## What you will do
Only the lines below starting at the one that contains "have inD (u" and ending at the one that contains "case: (val u)" are to be reproduced, exactly and with both ends kept.

## Records supplied
Lemma holds_mars_valuation g :
  all (sat_atom g) (phi j) -> all (holdsM (mars_valuation g)) U.
Proof.
move=> gsat; have marsE k : (mars_valuation g (k, None) == mar) = (k == j).
  by rewrite /mars_valuation /=; case: (eqVneq k j).
apply/all_holds_cqU; split=> [k _ | k k' /andP[kk' _] | k kJ | k y kJ].
- by rewrite /is_planet /mars_valuation; case: (k != j).
- rewrite !marsE; apply/andP => -[/eqP ekj /eqP ek'j].
  by rewrite ekj ek'j ltnn in kk'.
- have [->|kj] := eqVneq k j.
    rewrite (all_holds_lift_inl (g := g)) // => u.
    by rewrite /mars_valuation /= eqxx /= valK.
  by apply: all_holds_lift_venus => [||x]; rewrite /mars_valuation /= ?kj //;
    [apply: Phi_over | apply: Phi_pleasant]; apply: In_nth.
- rewrite qvars_lift => /mapP[x xk ->]; have [ekj|kj] := eqVneq k j.
    rewrite (holds_V_mars (k := k)) /mars_valuation /= ekj ?eqxx //=.
    by case: insubP => [u|/negP[]] //; rewrite -ekj.
  by rewrite (holds_V_venus (k := k)) /mars_valuation /= kj.
Qed.

Definition mars_hom g : H := [ffun u => mars_valuation g (val u)].

Lemma extend_mars_hom g y : y \in V -> extend (mars_hom g) y = mars_valuation g y.
Proof. by rewrite /extend => yV; case: insubP => [u _ <-|/negP[]] //=; rewrite ffunE. Qed.

Lemma sat_mars_hom g : all (sat_atom g) (phi j) -> all (sat_atom (mars_hom g)) U.
Proof.
move=> gsat; rewrite (all_sat_atomE (D := M) (f := mars_valuation g)) => [|u].
  exact: holds_mars_valuation.
by rewrite ffunE.
Qed.

Lemma extend_mars_hom_x g : extend (mars_hom g) (j, None) = mar.
Proof. by rewrite extend_mars_hom ?mem_qvars_cqU /= ?jJ // /mars_valuation /= eqxx. Qed.

Lemma extend_mars_hom_var g (u : seq_sub W) :
  extend (mars_hom g) (j, Some (val u)) = inl (g u).
Proof.
rewrite extend_mars_hom ?mem_qvars_cqU /= ?jJ ?(valP u) //.
by rewrite /mars_valuation /= eqxx /= valK.
Qed.

Lemma mars_hom_inj : injective mars_hom.
Proof.
move=> g1 g2 eq12; apply/ffunP => u.
by have := extend_mars_hom_var g1 u; rewrite eq12 extend_mars_hom_var => -[].
Qed.

(* R(mars, mars) is not a fact, so mars is the image of at most one x_k. *)
Lemma venus_off_mars f k : all (holdsM f) U -> f (j, None) = mar ->
  k < J -> k != j -> f (k, None) = ven.
Proof.
case/all_holds_cqU => planets pairs _ _ fj kJ kj.
have /orP[/eqP // | /eqP fk] := planets k kJ.
case: (ltngtP k j) => [kj' | jk | ekj].
- by have := pairs k j; rewrite kj' jJ fk fj eqxx => /(_ isT).
- by have := pairs j k; rewrite jk kJ fk fj eqxx => /(_ isT).
- by rewrite ekj eqxx in kj.
Qed.

Lemma mars_homP (h : H) : all (sat_atom h) U -> extend h (j, None) = mar ->
  exists2 g, all (sat_atom g) (phi j) & h = mars_hom g.
Proof.
move=> hU hj; rewrite sat_cqUE in hU; have [_ _ disj Vs] := (all_holds_cqU _).1 hU.
have inD (u : seq_sub W) : {a | extend h (j, Some (val u)) = inl a}.
  have := Vs j (j, Some (val u)) jJ.
  rewrite qvars_lift (holds_V_mars _ hj) => /(_ (map_f _ (valP u))).
  by case: (extend h _) => [a _|//]; exists a.
pose g := [ffun u => sval (inD u)].
have hg u : extend h (j, Some (val u)) = inl (g u).
  by rewrite ffunE; exact: (svalP (inD u)).
exists g; first by rewrite -(all_holds_lift_inl hg); apply: disj.
apply/ffunP => u; rewrite ffunE -extend_val.
have := valP u; rewrite mem_qvars_cqU /mars_valuation.
case: (val u) => k [x|] /= /andP[kJ xk]; have [ekj|kj] := eqVneq k j => //=.
- by rewrite ekj in xk *; case: insubP => [u' _ <-|/negP[]].
- have := Vs k (k, Some x) kJ.
  rewrite qvars_lift (holds_V_venus _ (venus_off_mars hU hj kJ kj)).
  by move=> /(_ (map_f _ xk)) /eqP.
- by rewrite ekj.
- exact: venus_off_mars.
Qed.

## Result of this task
have inD (u : seq_sub W) : {a | extend h (j, Some (val u)) = inl a}.
  have := Vs j (j, Some (val u)) jJ.
  rewrite qvars_lift (holds_V_mars _ hj) => /(_ (map_f _ (valP u))).
  by case: (extend h _) => [a _|//]; exists a.
pose g := [ffun u => sval (inD u)].
have hg u : extend h (j, Some (val u)) = inl (g u).
  by rewrite ffunE; exact: (svalP (inD u)).
exists g; first by rewrite -(all_holds_lift_inl hg); apply: disj.
apply/ffunP => u; rewrite ffunE -extend_val.
have := valP u; rewrite mem_qvars_cqU /mars_valuation.
case: (val u) => k [x|] /= /andP[kJ xk]; have [ekj|kj] := eqVneq k j => //=.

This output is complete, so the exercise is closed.